Also, I am no language expert, and not an FPGA expert either (I have been
learning for ~ 1 year). I shape this for my own use, hopping it will be useful
for others, but I wouldn't pretend nor expect to be achieving something
particularly new or interesting at large. Nevertheless, I am using it to build
increasingly more complex hardware, the doom-chip being the most advanced so
far. Every time the language is extended and fine tuned, so it is rooted in
practice.

=> The following is an excerpt from the being-written documentation
introduction:

My goal is to make it possible to write algorithms for FPGAs in the same way
we write them for processors: defining sequences of operations, subroutines
that can be called, and using control flow statements such as while/break. At
the same time, the language remains low level. Everything an algorithm does is
precisely timed, you can fully exploit the parallelism and niceties of FPGA
architectures, clock domains are exposed.

My approach is reminiscent of high performance programming in the late 90s (in
the demo scene in particular): the then considered high-level C language was
commonly interfaced with time-critical ASM routines. This enabled a best-of-
both-worlds situation, with C being used for the overall program flow and ASM
used only on carefully optimized hardware dependent routines.

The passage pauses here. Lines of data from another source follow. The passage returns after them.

Lemma Iform_act w a b : (forall v, phi A (act_cochar w v) = phi A v) ->
  Iform A (a *m w) (b *m w) = Iform A a b.
Proof. by move=> phiw; rewrite /Iform -mulmxDl -!/(act_cochar w _) !phiw. Qed.

Lemma Iform_of_phi_shift c a v : c != 0 -> phi A (a + c *: v) = phi A a ->
  Iform A a v = - (c * phi A v).
Proof.
rewrite phiD phiZ IformZr => c_neq0 e.
have : c * (Iform A a v + c * phi A v) = 0.
  by rewrite -(subrr (phi A a)) -{1}e; ring.
by move/eqP; rewrite mulf_eq0 (negbTE c_neq0) addr_eq0 => /eqP.
Qed.

End QuadraticForm.

Section ComplexExponential.
Context {R : realType}.
Local Notation C := (CC R).
Implicit Types z : C.

Lemma cexpD z1 z2 : cexp (z1 + z2) = cexp z1 * cexp z2.
Proof.
case: z1 z2 => [a1 b1] [a2 b2]; rewrite /cexp /= expRD cosD sinD.
by apply/eqP; rewrite eq_complex /=; apply/andP; split; apply/eqP; ring.
Qed.

Lemma cexp0 : cexp (0 : C) = 1.
Proof.
rewrite /cexp /= expR0 cos0 sin0.
by apply/eqP; rewrite eq_complex /=; apply/andP; split; apply/eqP; ring.
Qed.

Lemma cexp_twopii : cexp (twopii R) = 1.
Proof.
rewrite /cexp /twopii /= !mulr0 !mulr1 !subr0 !addr0 expR0 (mulr_natl pi 2).
rewrite cos2pi sin2pi.
by apply/eqP; rewrite eq_complex /=; apply/andP; split; apply/eqP; ring.
Qed.

Lemma cexpN z : cexp (- z) = (cexp z)^-1.
Proof. by apply/esym/mulr1_eq; rewrite -cexpD subrr cexp0. Qed.

Lemma cexpMn z n : cexp (n%:R * z) = cexp z ^+ n.
Proof.
elim: n => [|n IHn]; first by rewrite mul0r cexp0 expr0.
by rewrite -addn1 natrD mulrDl mul1r cexpD IHn exprD expr1.
Qed.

The language aims to do the same, providing a thin programmer friendly layer
on top of Verilog, while allowing to call low level Verilog modules whenever
needed. It favors and exposes parallelism, so as to fully utilize the FPGA
architecture.

The main design principles are: \- Prioritize combinational over sequential
execution. Parallelism comes first! \- Clearly defined rules regarding clock
cycle consumption. \- Explicit clock domains and reset signals. \- Inter-
operates easily with Verilog, allowing to import and reuse existing modules.
\- Familiar C-like syntax (but this is not C! different constructs for
parallelism, pipelining, etc.). \- Powerful LUA-based pre-processor.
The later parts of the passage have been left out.